**RECORD EXCERPTS:**
++++++
Lemma val_in_slice (j : elts I) : (val j \in J) = (j != i).
Proof. by rewrite in_setD1 (valP j) andbT (inj_eq val_inj). Qed.

Lemma slice_in_set (v : V) : v \in J -> v \in I.
Proof. by rewrite in_setD1 => /andP[]. Qed.

Lemma slice_injective (x x' : point (elts I)) :
  x i = x' i -> (forall j, j != i -> g x j = g x' j) -> x = x'.
Proof.
move=> xx'_i agree; set w := glue x z; set w' := glue x' z.
have outside : restr (~: J) w = restr (~: J) w'.
  apply/ffunP => u; rewrite !restrE /w /w'; have [vI | vI] := boolP (val u \in I).
    have ui : Sub (val u) vI = i :> elts I.
      by apply/eqP; rewrite -[_ == _]negbK -val_in_slice; have := valP u; rewrite inE.
    by rewrite !(glue_val _ _ (Sub (val u) vI)) ui.
  have vIC : val u \in ~: I by rewrite inE.
  by rewrite !(glue_valC _ _ (Sub (val u) vIC)).
have inside : restr J (conjugate f w) = restr J (conjugate f w').
  apply/ffunP => u; have uI := slice_in_set (valP u).
  have /agree : Sub (val u) uI != i by rewrite -val_in_slice; exact: valP u.
  by rewrite /g !conjugate_subnetworkE !ffunE.
have [h hK _] := bijJ (restr (~: J) w).
have eqJ : restr J w = restr J w'.
  apply: (can_inj hK).
  by rewrite conjugate_subnetwork_restr outside conjugate_subnetwork_restr inside.
apply/ffunP => j; have [-> // | ji] := eqVneq j i.
have jJ : val j \in J by rewrite val_in_slice.
have := congr1 (fun p : point (elts J) => p (Sub (val j) jJ)) eqJ.
by rewrite !restrE /= /w /w' !glue_val.
Qed.

Lemma slice_surjective (b : bool) (y : point (elts I)) :
  exists x : point (elts I), x i = b /\ forall j, j != i -> g x j = y j.
Proof.
pose z' := restr (~: J) (glue [ffun=> b] z).
have [h _ hK] := bijJ z'.
set u := h (restr J (glue y z)); set w := glue u z'.
have w_out : restr (~: I) w = z.
  apply/ffunP => v; have vI : val v \notin I by have := valP v; rewrite inE.
  have vJC : val v \in ~: J by rewrite inE; apply: contra vI; apply: slice_in_set.
  by rewrite restrE /w (glue_valC _ _ (Sub (val v) vJC)) /z' restrE (glue_valC _ _ v).
exists (restr I w); split.
  have iJC : val i \in ~: J by rewrite inE val_in_slice eqxx.
  by rewrite restrE /w (glue_valC _ _ (Sub (val i) iJC)) /z' restrE (glue_val _ _ i) ffunE.
move=> j ji; have jJ : val j \in J by rewrite val_in_slice.
rewrite /g conjugate_subnetworkE -[X in glue _ X]w_out glue_restr restrE.
have := congr1 (fun p : point (elts J) => p (Sub (val j) jJ)) (hK (restr J (glue y z))).
by rewrite conjugate_subnetworkE -/w !restrE /= (glue_val _ _ j).
Qed.
End Slices.

Lemma subnetwork_conjugate_bijective (V : finType) (f : network V) (I : {set V})
    (z : point (elts (~: I))) :
  (forall v, v \in I -> forall z' : point (elts (~: (I :\ v))),
     bijective (conjugate (subnetwork f z'))) ->
  [\/ bijective (conjugate (subnetwork f z)), even_self_dual (subnetwork f z)
    | odd_self_dual (subnetwork f z)].
Proof.
move=> bij_slices; set g := conjugate _.
have [/injectiveP g_inj | /injectivePn [x [x' neq gxx']]] := boolP (injectiveb g).
  by constructor 1; apply: injF_bij.
have [antipodal image] := collision_structure
  (fun i => slice_injective (bij_slices (val i) (valP i)))
  (fun i => slice_surjective z (bij_slices (val i) (valP i))) gxx' neq.
have sd := self_dual_conjugate antipodal.
case par: (odd (weight (g x))); [constructor 3 | constructor 2]; split=> // y;
  by rewrite image par /odd_pt /even_pt; case: (odd _).
Qed.

Theorem corollary1 (V : finType) (HV : 0 < #|V|) (f : network V) :
  (forall (I : {set V}) (z : point (elts (~: I))),
      I != set0 -> bijective (conjugate (subnetwork f z)))
  <->
  ~ (exists (I : {set V}) (z : point (elts (~: I))),
        I != set0 /\
        (even_self_dual (subnetwork f z) \/ odd_self_dual (subnetwork f z))).
Proof.
split=> [all_bij [I [z [nI [[even_h _] | [odd_h _]]]]] | no_self_dual I z _].
- have [v vI] := set0Pn _ nI.
  exact: bijective_conjugate_not_even (Sub v vI : elts I) (all_bij I z nI) even_h.
- exact: bijective_conjugate_not_odd (all_bij I z nI) odd_h.
have [n] := ubnP #|I|; elim: n I z => // n IH I z ltI.
have [I0 | nI] := eqVneq I set0.
  by apply: bijective_of_card0; rewrite card_sig I0; apply: eq_card0 => v; rewrite !inE.
have slices v : v \in I -> forall z' : point (elts (~: (I :\ v))),
    bijective (conjugate (subnetwork f z')).
  by move=> vI z'; apply: IH; move: ltI; rewrite (cardsD1 v I) vI.
case: (subnetwork_conjugate_bijective z slices) => // self_dual_h.
all: by case: no_self_dual; exists I, z; auto.
Qed.
Definition is_compact (X : Type) (d : X -> X -> R) : Prop :=
  forall (I : Type) (U : I -> X -> Prop),
    (forall i, is_open d (U i)) -> (forall x, exists i, U i x) ->
    exists l : list I, forall x, exists i, In i l /\ U i x.

Definition dense (X : Type) (d : X -> X -> R) (A : X -> Prop) : Prop :=
  forall x eps, 0 < eps -> exists y, A y /\ d x y < eps.

Definition continuous (X Y : Type) (dX : X -> X -> R) (dY : Y -> Y -> R) (f : X -> Y) : Prop :=
  forall x eps, 0 < eps -> exists delta, 0 < delta /\
    forall y, dX x y < delta -> dY (f x) (f y) < eps.

Definition continuous_on (X Y : Type) (dX : X -> X -> R) (dY : Y -> Y -> R)
  (A : X -> Prop) (f : X -> Y) : Prop :=
  forall x, A x -> forall eps, 0 < eps -> exists delta, 0 < delta /\
    forall y, A y -> dX x y < delta -> dY (f x) (f y) < eps.

(* action of G by homeomorphisms (inverse of act g is act (inv g)) *)
Definition is_action (G X : Type) (mul : G -> G -> G) (one : G)
  (d : X -> X -> R) (act : G -> X -> X) : Prop :=
  (forall x, act one x = x) /\
  (forall g h x, act (mul g h) x = act g (act h x)) /\
  (forall g, continuous d d (act g)).

Definition orbit (G X : Type) (act : G -> X -> X) (x : X) : X -> Prop :=
  fun y => exists g, y = act g x.

Definition top_transitive (G X : Type) (d : X -> X -> R) (act : G -> X -> X) : Prop :=
  forall U V : X -> Prop, is_open d U -> is_open d V ->
    (exists x, U x) -> (exists y, V y) ->
    exists g x, U x /\ V (act g x).

Definition Xt (G X : Type) (d : X -> X -> R) (act : G -> X -> X) : X -> Prop :=
  fun x => dense d (orbit act x).

Definition invariant (G X : Type) (act : G -> X -> X) (A : X -> Prop) : Prop :=
  forall g x, A x -> A (act g x).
++++++
**PROBLEM DESCRIPTION:** Find the word "agree" in the entries and show each line where it is found.

**ANSWER SECTION:**
move=> xx'_i agree; set w := glue x z; set w' := glue x' z.
  have /agree : Sub (val u) uI != i by rewrite -val_in_slice; exact: valP u.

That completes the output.